Indeed, at best the EU’s current plan to resume aid to Eritrea is only addressing a fraction of the problem. It totally ignores the plight of the vast majority (three quarters) of those who flee their home due to repression and human rights abuse. At worst, the EU’s move is no more than a futile effort which loses the sight of its aim as well as providing legitimatization of the brutal oppression of the Isaias regime.
Over the last few years, indeed for over a decade or more, the number of Eritreans fleeing their home country in to another destination has increased steadily. According to the UNHCR, in just the first ten months of 2014, the number of Eritreans who sought refugee in Europe tripled to 37 000, from 13 000 during the same period in 2013. This sharp increase in number makes Eritreans the second largest group of asylum seekers in Europe after Syria.
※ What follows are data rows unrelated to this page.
(* Let $T=(V,E)$ be a finite rooted tree, $\Pr$ a probability distribution over a finite set of queries, $u\in V$ and $v\in A(u)$ a proper ancestor of $u$. Then $$\mathbb{E}[I(u,v)]=\mathbb{E}[I(u,\emptyset)]-\mathbb{E}[I(v,\emptyset)].$$
   Context: $T=(V,E)$ is a finite rooted tree; $T(u)$ is the set of nodes of the subtree rooted at $u$; $A(u)$ the set of proper ancestors of $u$. Each non-leaf node is associated with a variable of a finite set $X$; $\mathrm{vars}(u)$ is the set of variables associated with nodes of $T(u)$. Each query $q$ determines $Z_q\subseteq X$. For $R\subseteq V$, $w\in V$: $I_q(w,R)=1$ iff $w\in R$, $\mathrm{vars}(w)\subseteq Z_q$, and no $x\in A(w)\cap R$ has $\mathrm{vars}(x)\subseteq Z_q$; else $0$; $\mathbb{E}[I(w,R)]=\sum_q\Pr(q)I_q(w,R)$. Notation: $\mathbb{E}[I(u,v)]:=\mathbb{E}[I(u,\{u,v\})]$ and $\mathbb{E}[I(w,\emptyset)]:=\mathbb{E}[I(w,\{w\})]$ (the expected usefulness of $w$ when it is the only selected node). *)

From HB Require Import structures.
From mathcomp Require Import all_boot all_order all_algebra.
Set Implicit Arguments. Unset Strict Implicit. Unset Printing Implicit Defensive.
Import Order.TTheory GRing.Theory Num.Theory.
Local Open Scope ring_scope.

Section Tree.
Variables (V X Q : finType).
(* A rooted tree on V is given by a parent map: parent x = Some y iff y is the
   parent of x; the root has no parent. *)
Variable parent : V -> option V.

Definition parent_rel : rel V := fun a b => parent a == Some b.

(* T is a finite rooted tree with root r: r has no parent and every node
   reaches r by following parent links (hence acyclic, connected, unique root). *)
Definition is_rooted_tree (r : V) : Prop :=
  parent r = None /\ forall x, connect parent_rel x r.

Definition anc (u : V) : {set V} :=
  [set x | [exists y, (parent u == Some y) && connect parent_rel y x]].

Definition subtree (u : V) : {set V} := [set w | (w == u) || (u \in anc w)].

Definition nonleaf (w : V) : bool := [exists c, parent c == Some w].

Definition vars (var : V -> X) (u : V) : {set X} :=
  [set var w | w in [set w in subtree u | nonleaf w]].

Definition Iq (var : V -> X) (Zq : {set X}) (w : V) (Rs : {set V}) : bool :=
  [&& w \in Rs, vars var w \subset Zq &
      [forall x in Rs, (x \in anc w) ==> ~~ (vars var x \subset Zq)]].

Definition EI (R : numDomainType) (var : V -> X) (Z : Q -> {set X}) (Pr : Q -> R)
    (w : V) (Rs : {set V}) : R :=
  \sum_(q : Q) Pr q * (Iq var (Z q) w Rs)%:R.
End Tree.

From HB Require Import structures.
From mathcomp Require Import all_boot all_order all_algebra.
Set Implicit Arguments. Unset Strict Implicit. Unset Printing Implicit Defensive.
Import Order.TTheory GRing.Theory Num.Theory.
Local Open Scope ring_scope.

(* If v is a proper ancestor of u then T(u) ⊆ T(v), hence vars(u) ⊆ vars(v).
   For a query q, I_q(u,{u,v}) holds iff vars(u) ⊆ Z_q and vars(v) ⊄ Z_q, which
   by this inclusion is the difference of the indicators [vars(u) ⊆ Z_q] =
   I_q(u,{u}) and [vars(v) ⊆ Z_q] = I_q(v,{v}).  The identity thus holds query
   by query and for arbitrary weights Pr.  The only fact about trees needed is
   that no node is its own proper ancestor. *)

Section RootedTree.
Variables (V : finType) (parent : V -> option V).

Local Notation reach := (connect (parent_rel parent)).
Local Notation anc := (anc parent).

Lemma reach_parent x u :
  reach x u -> x != u -> exists2 z, parent x = Some z & reach z u.
Proof.
move=> /connectP [[|z p] pth ->]; first by rewrite eqxx.
move: pth => /= /andP [/eqP hz pz] _; exists z => //.
by apply/connectP; exists p.
Qed.

(* Every node has at most one parent, so parent links starting on a cycle
   never leave it. *)
Lemma reach_cycle_closed x y z :
  parent x = Some y -> reach y x -> reach x z -> reach z x.
Proof.
move=> hx hyx /connectP [p pth ->] {z}.
have step w w' : parent_rel parent w w' -> reach w x -> reach w' x.
  move=> /eqP hw hwx; have [ewx | nwx] := eqVneq w x.
    by move: hw; rewrite ewx hx => -[<-].
  have [w'' hw'' hw''x] := reach_parent hwx nwx.
  by move: hw; rewrite hw'' => -[<-].
suff reach_last w q :
    reach w x -> path (parent_rel parent) w q -> reach (last w q) x.
  exact: reach_last (connect0 _ x) pth.
elim: q w => [|w' q IH] w //= hwx /andP [hw hq].
exact: IH (step _ _ hw hwx) hq.
Qed.

Lemma anc_trans w u v : u \in anc w -> v \in anc u -> v \in anc w.
Proof.
rewrite !inE => /existsP [y /andP [hy hyu]] /existsP [y' /andP [hy' hy'v]].
apply/existsP; exists y; rewrite hy /=.
apply: connect_trans hyu _; apply: connect_trans hy'v.
by apply: connect1; rewrite /parent_rel hy'.
Qed.

Lemma in_subtree u w : (w \in subtree parent u) = (w == u) || (u \in anc w).
Proof. by rewrite /subtree in_set. Qed.

Lemma subtree_anc u v : v \in anc u -> subtree parent u \subset subtree parent v.
Proof.
move=> vu; apply/subsetP => w; rewrite !in_subtree => /orP [/eqP -> | uw].
  by rewrite vu orbT.
by rewrite (anc_trans uw vu) orbT.
Qed.

Variables (X : finType) (var : V -> X).

Lemma vars_anc u v : v \in anc u -> vars parent var u \subset vars parent var v.
Proof.
move=> vu; apply: imsetS; apply/subsetP => w /setIdP [uw nl].
by apply/setIdP; split; first exact: subsetP (subtree_anc vu) w uw.
Qed.

Section Acyclic.
Variable root : V.
Hypothesis tree : is_rooted_tree parent root.

Lemma anc_irrefl u : u \notin anc u.
Proof.
case: tree => hroot hreach; apply/negP; rewrite inE.
move=> /existsP [y /andP [/eqP hu hyu]].
have hru : reach root u := reach_cycle_closed hu hyu (hreach u).
have [eru | nru] := eqVneq root u; first by move: hu; rewrite -eru hroot.
by have [z] := reach_parent hru nru; rewrite hroot.
Qed.

Lemma Iq_set1 Zq u : Iq parent var Zq u [set u] = (vars parent var u \subset Zq).
Proof.
rewrite /Iq set11 /=; apply: andb_idr => _.
by apply/forall_inP => x /set1P ->; rewrite (negbTE (anc_irrefl u)).
Qed.

Lemma Iq_set2_anc Zq u v : v \in anc u ->
  Iq parent var Zq u [set u; v] =
    (vars parent var u \subset Zq) && ~~ (vars parent var v \subset Zq).
Proof.
move=> vu; rewrite /Iq in_set2 eqxx /=; congr (_ && _).
apply/forall_inP/idP => [hall | nv x].
  by have := hall v; rewrite in_set2 eqxx orbT vu; apply.
rewrite in_set2 => /orP [/eqP -> | /eqP ->]; last by rewrite nv implybT.
by rewrite (negbTE (anc_irrefl u)).
Qed.

End Acyclic.
End RootedTree.

Lemma natr_andbN (R : pzRingType) (a b : bool) :
  (b ==> a) -> (a && ~~ b)%:R = a%:R - b%:R :> R.
Proof. by case: a; case: b; rewrite ?subrr ?subr0. Qed.

Theorem lemma5 (V X Q : finType) (R : realFieldType)
    (parent : V -> option V) (root : V) (var : V -> X)
    (Z : Q -> {set X}) (Pr : Q -> R) :
  is_rooted_tree parent root ->
  (forall q, 0 <= Pr q) -> \sum_(q : Q) Pr q = 1 ->
  forall u v : V, v \in anc parent u ->
  EI parent var Z Pr u [set u; v] =
    EI parent var Z Pr u [set u] - EI parent var Z Pr v [set v].
Proof.
move=> tree _ _ u v vu.
rewrite /EI -sumrB; apply: eq_bigr => q _.
rewrite -mulrBr (Iq_set2_anc _ tree _ vu) !(Iq_set1 _ tree) natr_andbN //.
by apply/implyP; apply: subset_trans (vars_anc var vu).
Qed.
And not all Eritrean asylum seekers attempt to cross the European border through the Mediterranean. A significant number, according to the UNHCR more than 216,000, have also sought refuge in the neighboring countries of Ethiopia and Sudan. In fact, the numbers of such refugees is far greater than this as many thousands are not registered with the UNHCR. Indeed Ethiopia alone has been receiving up to six thousand a month for the last decade or more.
No evidence of any policy changes in Eritrea
EU hopes that its re-engagement with Eritrea will promote the long-term interest of curbing the huge influx of Eritreans into Europe. Commissioner Mimicasuggests that Eritrean policies are undergoing a shift. All recent evidence, however, is that it is the EU’s policies that are shifting, not Eritrea’s. Such a one-sided approach can not provide any meaningful outcome to either the EU or to Eritreans. For change to occur, there must be a policy shift from the regime in Asmara too. As has been demonstrated time and again, the Eritrean government has shown no change in its policy or its behavior. This can be easily seen not least in the unchanging nature of the repressive regime in Asmara, as well as in the continued efforts to continued to destabilize the region and the failure to make any adjustment in aggressive external policies.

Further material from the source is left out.